Definition Lt (t : nat) : {set pt} := [set x | inD x & ssum x == t].
Definition LtS (t : nat) : {set pt} := [set x | inD x & (ssum x <= t)%N].
(* max_i x_i = n+1  (coordinates are <= n+1) *)
Definition Kp (t : nat) : {set pt} :=
  [set x | [&& inBd x, ssum x == t & [exists i, coord x i == n.+1]]].
Definition Km (t : nat) : {set pt} :=
  [set x | [&& inBd x, ssum x == t & [exists i, coord x i == 0%N]]].
Definition KpS (t : nat) : {set pt} := \bigcup_(l < t.+1) Kp l.
Definition KmS (t : nat) : {set pt} := \bigcup_(l < t.+1) Km l.
Definition JS (t : nat) : {set pt} := KmS t :|: KpS t.+1.

End Lattice.

Definition lin_indep (R : realType) (I : finType) (A B : {set I})
  (f : I -> I -> R) : Prop :=
  forall c : I -> R,
    (forall r, r \in B -> \sum_(q in A) c q * f q r = 0) ->
    forall q, q \in A -> c q = 0.

Definition in_span (R : realType) (I : finType) (A B : {set I})
  (f : I -> I -> R) (w : I -> R) : Prop :=
  exists c : I -> R, forall r, r \in B -> w r = \sum_(q in A) c q * f q r.

From Pilot Require Import Defs.
From HB Require Import structures.
From mathcomp Require Import all_boot all_order all_algebra.
From mathcomp Require Import reals.
From mathcomp Require Import zify.
Set Implicit Arguments. Unset Strict Implicit. Unset Printing Implicit Defensive.
Import Order.TTheory GRing.Theory Num.Theory.
Local Open Scope ring_scope.

(* (i) is a triangularity argument.  For q <> p in L_t^S, lower q by one at
   the first coordinate i where q_i < p_i.  The point r obtained lies in W,
   is at l^1-distance at least 2 from p (so r is not in M_p), and v_q(r) > 0.
   Every other q' with v_q'(r) <> 0 is r itself or a neighbour of r, and is
   strictly below q in the order by s(q') and then by the potential
   sum_m (d - m) min(q'_m, p_m): the only way for q' to keep s(q') = s(q) is
   to raise r at some l <> i, which gains weight d - l < d - i at most.
   (ii) follows since v_p vanishes on W \ M_p: writing w = sum_q c_q v_q, the
   coefficients c_q with q <> p vanish by (i). *)

Section TriangularFamilies.
Variables (R : realType) (I : finType).
Implicit Types (A B M : {set I}) (f : I -> I -> R).
(* Let $L=L(m,n;k,l)$ be an $L$-shaped supergrid graph. Then $L$ contains a Hamiltonian cycle if and only if $L$ has no vertex of degree $1$.
   Context: The infinite supergrid graph has as vertices all points $(x,y)\in\mathbb{Z}^2$, two distinct vertices $u=(u_x,u_y)$, $v=(v_x,v_y)$ being adjacent iff $|u_x-v_x|\le 1$ and $|u_y-v_y|\le 1$. A supergrid graph is a finite vertex-induced subgraph of it. For integers $m,n>1$ and $k,l\ge 1$ with $m-k\ge 1$ and $n-l\ge 1$, the $L$-shaped supergrid graph $L(m,n;k,l)$ is the supergrid graph induced by the vertex set $\{(x,y):1\le x\le m,\ 1\le y\le n\}\setminus\{(x,y): m-k+1\le x\le m,\ 1\le y\le l\}$ (i.e. the rectangle $R(m,n)$ with an $k\times l$ block removed from its upper-right corner, where $(1,1)$ is the upper-left corner and $y$ increases downward). A cycle is a closed simple path on at least $3$ distinct vertices. *)

From mathcomp Require Import all_boot.
Set Implicit Arguments. Unset Strict Implicit. Unset Printing Implicit Defensive.

(* Vertices of the infinite supergrid: points of Z^2; every vertex of an
   L-shaped supergrid graph has positive coordinates, so we use nat * nat. *)
Definition vertex := (nat * nat)%type.

Definition close1 (a b : nat) : bool := (a <= b.+1) && (b <= a.+1).

Definition sg_adj (u v : vertex) : bool :=
  (u != v) && close1 u.1 v.1 && close1 u.2 v.2.

(* vertex set of L(m,n;k,l): R(m,n) minus the k x l block in the upper-right corner *)
Definition inL (m n k l : nat) (v : vertex) : bool :=
  [&& 1 <= v.1 <= m, 1 <= v.2 <= n &
      ~~ ((m - k + 1 <= v.1 <= m) && (1 <= v.2 <= l))].

Definition Lverts (m n k l : nat) : seq vertex :=
  [seq v <- [seq (x, y) | x <- iota 1 m, y <- iota 1 n] | inL m n k l v].

Definition Ldeg (m n k l : nat) (v : vertex) : nat :=
  count (sg_adj v) (Lverts m n k l).

Definition has_ham_cycle (m n k l : nat) : Prop :=
  exists c : seq vertex,
    [/\ uniq c, 3 <= size c, cycle sg_adj c &
        forall v, (v \in c) = inL m n k l v].

(* A Hamiltonian cycle enters and leaves each vertex through two distinct neighbours,
   so no vertex can have degree 1.  Conversely, let a = m - k and b = n - l be the
   widths of the two arms.  The corners (1,1) and (m,n) have degree 1 exactly when
   a = 1 < l or b = 1 < k; otherwise a Hamiltonian cycle is built by induction on
   m + n.  Two rows added below the graph, or two columns added to the right of its
   lower arm, are absorbed by replacing one boundary edge of the old cycle by a
   U-turn through the new strip of width 2; the reflection in the anti-diagonal
   exchanges the two arms and so yields the two other reductions; sixteen small
   graphs with k, l <= 2 and arms at most 3 wide are checked by computation.  For the
   induction to go through, the cycles must keep the boundary edges that the U-turns
   replace. *)

From mathcomp Require Import all_boot zify.
Set Implicit Arguments. Unset Strict Implicit. Unset Printing Implicit Defensive.
Lemma null_seq_realizedS p x :
  (forall y, null_seq p y -> exists a : 'cV[C]_(2 ^ p), realizes a y) ->
  null_seq p.+1 x -> exists a : 'cV[C]_(2 ^ p.+1), realizes a x.
Proof.
move=> IH [x0_gt0]; rewrite (big_ord_double_succ p (fun i => x i.+1 ^+ 2)) /= => x_null.
have [gr [gi [q [qc_sqr x1E x2E xlastE]]]] :=
  inverse_stereographic (x 1%N) (x 2%N) (x p.*2.+3).
set c := 1 + gr ^+ 2 + gi ^+ 2 in qc_sqr.
have c_neq0 : c != 0 by rewrite gt_eqF // /c; nra.
(* x with its three outer slots removed and its rest divided by c; the
   last slot -q makes <S v, v> = q. *)
pose y j := if j == 0%N then x 0%N / c else if j == p.*2.+1 then - q else x j.+2 / c.
have [v v_y] : exists v : 'cV[C]_(2 ^ p), realizes v y.
  apply: IH; split; first by rewrite /y divr_gt0 // lt_def c_neq0 /c; nra.
  rewrite big_ord_recr /= /y /= eqxx.
  under eq_bigr => i _ do rewrite eqSS ltn_eqF // exprMn exprVn.
  by rewrite -mulr_suml exprMn exprVn x_null -qc_sqr; field.
have Tv : hdot (Tpow R p *m v) v = q%:C.
  by apply: oppr_inj; rewrite -zeta_coord_odd -v_y // /y eqxx rmorphN.
have vv : hdot v v = (x 0%N / c)%:C by rewrite -sqnormE (v_y 0%N isT).
pose g : C := gr +i* gi.
exists (stack v (g *: v)) => -[|[|[|k]]] le_k.
- rewrite zeta_coord_stack0 hdotZl hdotZr vv.
  by split_complex; [rewrite /c; field; exact: c_neq0 | ring].
- by rewrite zeta_coord_stack1 -scalemxAr hdotZl hdotZr Tv -x1E; split_complex; ring.
- by rewrite zeta_coord_stack2 -scalemxAr hdotZl hdotZr Tv -x2E; split_complex; ring.
have [lt_k|ge_k] := ltnP k p.*2.
  rewrite zeta_coord_stack_shift // zeta_coordZ // -v_y; last by rewrite ltnS ltnW.
  rewrite /y /= eqSS ltn_eqF //.
  by split_complex; [rewrite /c; field; exact: c_neq0 | ring].
have -> : k = p.*2.
  by move: le_k; rewrite doubleS !ltnS => le_k; apply/eqP; rewrite eqn_leq le_k.
rewrite zeta_coord_stack_odd -scalemxAr hdotZl hdotZr Tv -xlastE.
by split_complex; ring.
Qed.

Lemma null_seq_realized m x :
  (0 < m)%N -> null_seq m x -> exists a : 'cV[C]_(2 ^ m), realizes a x.
Proof.
elim: m x => // -[_ x _|p IH x _]; first exact: null_seq1_realized.
by apply: null_seq_realizedS => y; apply: IH.
Qed.

End Realisation.

Lemma mink_dot_null (R : realType) n (z : 'cV[R]_n.+1) :
  mink_dot z z = 0 -> z ord0 0 ^+ 2 = \sum_(i < n) z (lift ord0 i) 0 ^+ 2.
Proof.
rewrite /mink_dot big_mkcond big_ord_recl /= add0r => /eqP.
by rewrite subr_eq0 expr2 => /eqP <-; apply: eq_bigr => i _; rewrite expr2.
Qed.

Lemma big_ord_widen_zero (R : nmodType) n N (f : nat -> R) :
  (n <= N)%N -> (forall i, (n <= i)%N -> f i = 0) ->
  \sum_(i < N) f i = \sum_(i < n) f i.
Proof.
move=> le_nN f0; rewrite (big_ord_widen N f le_nN) [RHS]big_mkcond.
by apply: eq_bigr => i _; case: ltnP => // /f0.
Qed.

Theorem proposition2p4 (R : realType) (n : nat) (hn : (2 <= n)%N)
    (zeta : 'cV[R]_(n.+1)) :
  future_null zeta ->
  exists a : 'cV[R[i]]_(2 ^ n./2),
    map_mx (fun x : R => x%:C) zeta = zeta_of a.
Proof.
move=> [_ [zeta_null zeta0_gt0]].
have n_le : (n <= n./2.*2.+1)%N.
  by rewrite -{1}(odd_double_half n) addnC -addn1 leq_add2l leq_b1.
(* For even n, the odd-dimensional coordinate x_(n+1) is the padding 0. *)
pose x j := if (j <= n)%N then zeta (inord j) 0 else 0.
have x_val (i : 'I_n.+1) : x i = zeta i 0 by rewrite /x -ltnS ltn_ord inord_val.
have [a a_x] : exists a : 'cV[R[i]]_(2 ^ n./2), realizes a x.
  apply: null_seq_realized; first by rewrite half_gt0.
  split; first by rewrite (x_val ord0).
  rewrite (x_val ord0) mink_dot_null //.
  rewrite (big_ord_widen_zero (f := fun i => x i.+1 ^+ 2) n_le).
    by apply: eq_bigr => i _; rewrite (x_val (lift ord0 i)).
  by move=> i le_ni; rewrite /x leqNgt ltnS le_ni expr0n.
exists a; apply/matrixP => i j; rewrite ord1 !mxE -x_val a_x //.
by rewrite (leq_trans _ n_le) // -ltnS.
Qed.
(* Let $Q$ be a real-valued $\Gamma$-periodic potential on a $\Gamma$-periodic graph $\mathcal G$. (i) If $\sigma(A(0)+Q)=\sigma(A(0))$ and the fundamental graph $\mathcal G_*$ has no loops, then $Q\equiv0$. (ii) If $\sigma(A(0)+Q)=\sigma(A(0)-\varkappa)$, where $\varkappa$ is the degree potential $\varkappa(v)=\varkappa_v$, then $Q\equiv-\varkappa$.
   Context: Let $\Gamma$ be a lattice of rank $d$ in $\mathbb R^d$ with basis $\mathfrak a_1,\dots,\mathfrak a_d$ and fundamental cell $\Omega=\{\sum_s x_s\mathfrak a_s: x_s\in[0,1)\}$. A $\Gamma$-periodic graph $\mathcal G=(\mathcal V,\mathcal E)$ is a connected, locally finite graph embedded in $\mathbb R^d$, invariant under translation by $\Gamma$, with finite quotient; $\mathcal G$ has no loops, multiple edges are allowed. Edges are counted with both orientations ($\mathcal A$ the oriented edges). The fundamental graph $\mathcal G_*=(\mathcal V_*,\mathcal A_* )=\mathcal G/\Gamma$ (may have loops, multiple edges); $\varkappa_v$ is the number of oriented edges starting at $v$. Every vertex is uniquely $v=v_0+[v]$ with $v_0\in\Omega$, $[v]\in\Gamma$; for $\mathbf e=(u,v)$, $\tau(\mathbf e)=[v]_{\mathbb A}-[u]_{\mathbb A}\in\mathbb Z^d$ (coordinates in the basis), well defined on $\mathcal A_*$. A potential is $Q:\mathcal V_*\to\mathbb R$. $A(0)$ is the operator on $\ell^2(\mathcal V_* )$ with $(A(0)f)(v)=\sum_{\mathbf e=(v,u)\in\mathcal A_*}f(u)$ (more generally $A(k)$ with factors $e^{i\langle\tau(\mathbf e),k\rangle}$); $Q$, $\varkappa$ act by multiplication. $\sigma(\cdot)$ is the spectrum (eigenvalues with multiplicities). *)

From mathcomp Require Import all_boot all_order all_algebra.
From mathcomp Require Import reals.
Set Implicit Arguments. Unset Strict Implicit. Unset Printing Implicit Defensive.
Import Order.TTheory GRing.Theory Num.Theory.
Local Open Scope ring_scope.
Lemma same_sign_of_nonvanishing (f : R -> R) (a b : R) :
  continuity f -> (forall t, a < t < b -> f t <> 0) ->
  forall s t, a < s < b -> a < t < b -> 0 < f s * f t.
Proof.
  intros Hc Hf0 s t Hs Ht.
  destruct (Rlt_or_le 0 (f s * f t)) as [|Hle]; [assumption|exfalso].
  pose proof (Hf0 s Hs). pose proof (Hf0 t Ht).
  destruct (IVT_gen f s t 0 Hc) as [c [Hc_in Hfc]].
  - unfold Rmin, Rmax; destruct Rle_dec; split; nra.
  - apply (Hf0 c); [|exact Hfc].
    unfold Rmin, Rmax in Hc_in; destruct Rle_dec; lra.
Qed.

Lemma nondecreasing_of_derive_nonneg (f df : R -> R) (a b : R) :
  (forall t, a <= t <= b -> is_derive f t (df t)) -> (forall t, a <= t <= b -> 0 <= df t) ->
  forall u v, a <= u -> u <= v -> v <= b -> f u <= f v.
Proof.
  intros Hd Hpos u v Hu Huv Hv.
  destruct (Rle_lt_or_eq_dec _ _ Huv) as [Hlt|<-]; [|lra].
  destruct (MVT_gen f u v df) as [c [Hc Hfc]].
  - intros x Hx. rewrite Rmin_left, Rmax_right in Hx by lra. apply Hd. lra.
  - intros x Hx. rewrite Rmin_left, Rmax_right in Hx by lra.
    apply continuity_pt_filterlim, (ex_derive_continuous f x). exists (df x). apply Hd. lra.
  - rewrite Rmin_left, Rmax_right in Hc by lra.
    specialize (Hpos c ltac:(lra)). nra.
Qed.

Lemma derive_eq_0_of_nondecreasing_flat (f df : R -> R) (a b : R) :
  (forall t, a <= t <= b -> is_derive f t (df t)) -> (forall t, a <= t <= b -> 0 <= df t) ->
  f a = f b -> forall t, a < t < b -> df t = 0.
Proof.
  intros Hd Hpos Hab t Ht.
  assert (Hflat : forall s, a <= s <= b -> f s = f a).
  { intros s Hs.
    pose proof (nondecreasing_of_derive_nonneg f df a b Hd Hpos a s).
    pose proof (nondecreasing_of_derive_nonneg f df a b Hd Hpos s b). lra. }
  assert (Hd0 : is_derive f t 0).
  { apply (is_derive_ext_loc (fun _ => f a)); [|exact (is_derive_const (f a) t)].
    apply (filter_imp (fun s => a < s < b)); [|exact (locally_open_interval a b t Ht)].
    intros s Hs. symmetry. apply Hflat. lra. }
  rewrite <- (is_derive_unique f t (df t)) by (apply Hd; lra).
  exact (is_derive_unique f t 0 Hd0).
Qed.

Lemma constant_of_derive_0 (f : R -> R) (a b : R) :
  (forall t, a < t < b -> is_derive f t 0) -> forall s t, a < s < b -> a < t < b -> f s = f t.
Proof.
  intros Hd s t Hs Ht.
  destruct (Rtotal_order s t) as [Hlt|[->|Hlt]]; [| reflexivity | symmetry];
    apply eq_is_derive; try assumption; intros x Hx; apply Hd; lra.
Qed.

= = = = =

# Work to complete
Filter the records down to the lines containing the word "eqSS", and copy those.

# Exercise response
  under eq_bigr => i _ do rewrite eqSS ltn_eqF // exprMn exprVn.
  rewrite /y /= eqSS ltn_eqF //.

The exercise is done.